Siepe vigorosa e rigogliosa

Siepi

Concime per siepi

Il concime per siepi è fondamentale per mantenere gli arbusti che compongono la struttura sempre rigogliosi e ben sviluppati. In una siepe molte piante vengono posizionate vicine: le radici si intersecano e assorbono molti sali minerali dal terreno, che in breve tempo si esaurisce.

di Redazione

05 marzo 2015

Concime per siepi

Il concime per siepi è un elemento fondamentale se si desidera avere arbusti con vegetazione fitta e rigogliosa. Le piante che compongono una siepe sono posizionate molto vicine e tendono con il tempo a prelevare dal terreno una grande quantità di sali minerali necessari al loro sviluppo. Visto che risulta impossibile sostituire periodicamente il terreno, sarà necessario renderlo nuovamente fertile, aggiungendo sali minerali ed ammendante. Generalmente una buona quantità di concime viene cosparsa già nelle buche di impianto, per favorire l'attecchimento delle nuove piante; ma nel corso dei mesi successivi il concime viene utilizzato dagli arbusti o dilavato dalle piogge. Oltre a fornire del concime è anche possibile pacciamare la base dei fusti con materiale organico, come foglie secche o paglia, ed ammendare con compost o humus, in modo da arricchire il terreno, e migliorarne anche l'impasto.

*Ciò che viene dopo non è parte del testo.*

(* Let $V\subset\mathbb{R}^d$ be a finite antichain and $p\in S_V$. If $p$ is a syzygy-point, then $p$ is a characteristic point.
   Context: For $x,y\in\mathbb{R}^d$, $x\le y$ (dominance order) means $x_i\le y_i$ for all $i$; $y\rhd x$ means $y_i>x_i$ for all $i$; $y\rhd_i x$ means $y_i=x_i$ and $y_j>x_j$ for all $j\neq i$. $V\subset\mathbb{R}^d$ is a finite antichain in the dominance order. The orthogonal surface $S_V$ is the topological boundary of $\langle V\rangle=\{x: x\ge v\text{ for some }v\in V\}$. Flats: $U_i(v)=\{p\in S_V: p\rhd_i v\}$; for $v,w\in V$ put $v\sim_i w$ iff $U_i(v)\cap U_i(w)\neq\emptyset$, and let $\sim_i^c$ be the reflexive–transitive closure; the $i$-flat of $v$ is $F_i(v)=\overline{\bigcup_{w\sim_i^c v}U_i(w)}$, and an $i$-flat is any set of this form. A characteristic point is a point of $S_V$ that lies in some $i$-flat for every $i\in\{1,\dots,d\}$. For $p\in S_V$ let $\Delta_p$ be the simplicial complex on $\{1,\dots,d\}$ with $I\in\Delta_p$ iff $p+\epsilon\sum_{i\in I}e_i\in S_V$ for some $\epsilon>0$ ($e_i$ the standard unit vectors). $p$ is a syzygy-point if $\Delta_p$ has non-trivial (reduced) homology. *)

From HB Require Import structures.
From mathcomp Require Import all_boot all_order all_algebra.
From mathcomp Require Import all_classical all_reals topology normedtype matrix_topology.
From Stdlib Require Import Relations.
Import numFieldNormedType.Exports.
Set Implicit Arguments. Unset Strict Implicit. Unset Printing Implicit Defensive.
Import Order.TTheory GRing.Theory Num.Theory.
Local Open Scope classical_set_scope.
Local Open Scope ring_scope.

Section OrthSurf.
Variables (R : realType) (d : nat).
Notation pt := 'rV[R]_d.

Definition dom_le (x y : pt) : Prop := forall i : 'I_d, x ord0 i <= y ord0 i.
Definition dom_gt (y x : pt) : Prop := forall i : 'I_d, x ord0 i < y ord0 i.
Definition dom_gt_i (i : 'I_d) (y x : pt) : Prop :=
  y ord0 i = x ord0 i /\ forall j : 'I_d, j != i -> x ord0 j < y ord0 j.

Definition antichain (V : seq pt) : Prop :=
  forall v w, v \in V -> w \in V -> dom_le v w -> v = w.

Definition upset (V : seq pt) : set pt := [set x | exists2 v, v \in V & dom_le v x].

Definition surface (V : seq pt) : set pt :=
  topology_structure.closure (upset V) `\` interior (upset V).

Definition Uflat (V : seq pt) (i : 'I_d) (v : pt) : set pt :=
  [set p | surface V p /\ dom_gt_i i p v].

Definition sim_i (V : seq pt) (i : 'I_d) (v w : pt) : Prop :=
  v \in V /\ w \in V /\ exists p, Uflat V i v p /\ Uflat V i w p.

Definition simc_i (V : seq pt) (i : 'I_d) : relation pt :=
  clos_refl_trans pt (sim_i V i).

Definition flat (V : seq pt) (i : 'I_d) (v : pt) : set pt :=
  topology_structure.closure [set p | exists w, simc_i V i w v /\ Uflat V i w p].

Definition is_flat (V : seq pt) (i : 'I_d) (Fl : set pt) : Prop :=
  exists2 v, v \in V & Fl = flat V i v.

Definition characteristic (V : seq pt) (p : pt) : Prop :=
  surface V p /\ forall i : 'I_d, exists Fl, is_flat V i Fl /\ Fl p.

Definition ind_vec (I : {set 'I_d}) : pt := \row_(i < d) (if i \in I then 1 else 0).

Definition Delta (V : seq pt) (p : pt) : set {set 'I_d} :=
  [set I | exists eps : R, 0 < eps /\ surface V (p + eps *: ind_vec I)].

End OrthSurf.

(* Reduced simplicial homology with coefficients in a field F of a family of
   faces Delta on the vertex set 'I_d, via the augmented chain complex.
   Chains of degree k (k = number of vertices of a face, k = 0 is the empty
   face, i.e. homological degree k-1) have basis the faces of Delta of size k. *)
Section Homology.
Variables (F : fieldType) (d : nat).
Notation N := #|{: {set 'I_d}}|.

Definition face_of (a : 'I_N) : {set 'I_d} := enum_val a.

(* boundary map from size-k chains to size-(k-1) chains, as an N x N matrix
   (rows: source faces, columns: target faces; row-vector convention) *)
Definition bdry (Dl : set {set 'I_d}) (k : nat) : 'M[F]_N :=
  \matrix_(a, b)
    (if `[< Dl (face_of a) /\ Dl (face_of b) >] && (#|face_of a| == k)
     then \sum_(j in face_of a | face_of b == face_of a :\ j)
            (-1) ^+ #|[set i in face_of a | (i < j)%N]|
     else 0).

Definition nfaces (Dl : set {set 'I_d}) (k : nat) : nat :=
  #|[set s : {set 'I_d} | `[< Dl s >] && (#|s| == k)]|.

(* dim H~_{k-1} = nfaces k - rank bdry_k - rank bdry_{k+1} *)
Definition reduced_homology_nontrivial (Dl : set {set 'I_d}) : Prop :=
  exists k : nat, (\rank (bdry Dl k) + \rank (bdry Dl k.+1) < nfaces Dl k)%N.

End Homology.

Definition syzygy_point (F : fieldType) (R : realType) (d : nat)
  (V : seq 'rV[R]_d) (p : 'rV[R]_d) : Prop :=
  reduced_homology_nontrivial F (Delta V p).

(* If p lies in no i-flat, then p is in the closure of no U_i(w), and Delta_p is
   a cone with apex i: when p + eps e_I stays on S_V, so does p + eps' (e_I + e_i)
   for small eps', since a v in V blocking every such shift would have to meet p
   in coordinate i, and pushing p up along the other coordinates where it meets v
   exhibits p as a limit of points of U_i(v).  A cone has trivial reduced homology:
   adding the apex is a chain homotopy between the identity and zero. *)

From mathcomp Require Import all_boot all_order all_algebra.
From mathcomp Require Import all_classical all_reals topology normedtype matrix_topology.
From mathcomp Require Import ring lra.
From Stdlib Require Import Relations.
Import numFieldNormedType.Exports.
Set Implicit Arguments. Unset Strict Implicit. Unset Printing Implicit Defensive.
Import Order.TTheory GRing.Theory Num.Theory.
Local Open Scope classical_set_scope.
Local Open Scope ring_scope.
(* Let $\Phi$ be a 2-CNF, and let $\Psi$ be obtained from $\Phi$ by adding a single clause $e$ on the same variable set. Then $$\big|\log Z(\hat\Phi)-\log Z(\hat\Psi)\big|\le|\mathcal N(\Phi,e)|\log 2.$$
   Context: A 2-CNF is a conjunction of clauses, each the disjunction of two literals on two distinct variables. $Z(\cdot)$ is the number of satisfying assignments. **Unit Clause Propagation.** For a 2-CNF $\Phi$ and a set $\mathcal L_0$ of literals, $\mathcal L(\Phi,\mathcal L_0)$ is the closure of $\mathcal L_0$ under: if $\Phi$ has a clause $l\vee\neg l'$ with $l'\in\mathcal L$, add $l$. **Pruning.** Conflict clauses $\mathcal C(\Phi,\mathcal L_0)$ are the clauses of $\Phi$ both of whose variables $x$ satisfy $x,\neg x\in\mathcal L(\Phi,\mathcal L_0)$. The pruned formula $\hat\Phi$ is $\Phi$ with all clauses of $\bigcup_l\mathcal C(\Phi,\{l\})$ removed, $l$ ranging over all literals. Pruned formulas are satisfiable. **The set $\mathcal N(\Phi,e)$.** For a variable $v$, $\mathcal N(\Phi,v)$ is the set of literals $l$ with $\{v,\neg v\}\cap\mathcal L(\Phi,\{l\})\ne\emptyset$. If $v,v'$ are the two variables of $e$, then $$\mathcal N(\Phi,e)=\bigcup_{l\in\mathcal N(\Phi,v)\cup\mathcal N(\Phi,v')}\mathcal L(\Phi,\{l\}),$$ a set of literals. *)

From mathcomp Require Import all_boot.
From Stdlib Require Import Reals.
Set Implicit Arguments. Unset Strict Implicit. Unset Printing Implicit Defensive.

Section TwoCNF.
Variable n : nat.

(* A literal on variables 'I_n: (x, true) is x, (x, false) is ~x. *)
Definition lit := ('I_n * bool)%type.
Definition neg (l : lit) : lit := (l.1, ~~ l.2).

Definition clause := (lit * lit)%type.
Definition wf_clause (c : clause) : bool := c.1.1 != c.2.1.
Definition is2CNF (Phi : seq clause) : bool := all wf_clause Phi.

Definition lit_sat (s : {ffun 'I_n -> bool}) (l : lit) : bool := s l.1 == l.2.
Definition clause_sat s (c : clause) : bool := lit_sat s c.1 || lit_sat s c.2.
Definition Zcount (Phi : seq clause) : nat :=
  #|[set s : {ffun 'I_n -> bool} | all (clause_sat s) Phi]|.

(* Phi has a clause  l \/ ~l'  (clauses are unordered disjunctions). *)
Definition has_clause (Phi : seq clause) (l l' : lit) : bool :=
  has (fun c => (c == (l, neg l')) || (c == (neg l', l))) Phi.

Definition up_closed (Phi : seq clause) (S : {set lit}) : bool :=
  [forall l, forall l', ((l' \in S) && has_clause Phi l l') ==> (l \in S)].

Definition UP (Phi : seq clause) (L0 : {set lit}) : {set lit} :=
  \bigcap_(S : {set lit} | (L0 \subset S) && up_closed Phi S) S.

Definition conflict_var (L : {set lit}) (x : 'I_n) : bool :=
  ((x, true) \in L) && ((x, false) \in L).

(* c is in C(Phi, L0) (membership of c in Phi checked separately) *)
Definition conflict_clause (Phi : seq clause) (L0 : {set lit}) (c : clause) : bool :=
  conflict_var (UP Phi L0) c.1.1 && conflict_var (UP Phi L0) c.2.1.

(* hat Phi: remove every clause lying in some C(Phi, {l}). *)
Definition prune (Phi : seq clause) : seq clause :=
  [seq c <- Phi | ~~ [exists l : lit, conflict_clause Phi [set l] c]].

Definition Nvar (Phi : seq clause) (v : 'I_n) : {set lit} :=
  [set l : lit | ((v, true) \in UP Phi [set l]) || ((v, false) \in UP Phi [set l])].

Definition Nclause (Phi : seq clause) (e : clause) : {set lit} :=
  \bigcup_(l in Nvar Phi e.1.1 :|: Nvar Phi e.2.1) UP Phi [set l].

I tipi di concimazione: i macroelementi

Concimare significa aggiungere al terreno i sali minerali che le piante assorbono attraverso le radici, perché servono per il loro corretto sviluppo. I principali elementi utili per la vita delle piante sono tre: Azoto, fosforo e potassio. L'azoto è importante per lo sviluppo di vegetazione verde, per la produzione di nuove cellule di tutta la pianta e per favorire l'ingrossamento delle gemme. Per questo motivo tutti i fertilizzanti contengono alte percentuali di azoto, anche se è a fine inverno e a fine estate che si prediligono concimi per siepi con alto titolo di azoto. In questo modo si favorisce la crescita di piante rigogliose e forti. Il potassio è fondamentale per la differenziazione cellulare, per la colorazione di fiori e frutti, per la produzione di semi; i concimi ricchi in potassio si forniscono durante la primavera e l'estate. Il fosforo è importante per la salute generale delle piante, e soprattutto per permettere uno sviluppo corretto dell'apparato radicale. Questo elemento è presente soprattutto nei concimi estivi o autunnali, in modo che le piante affondino bene le loro radici nel terreno e risultino protette dal freddo in inverno.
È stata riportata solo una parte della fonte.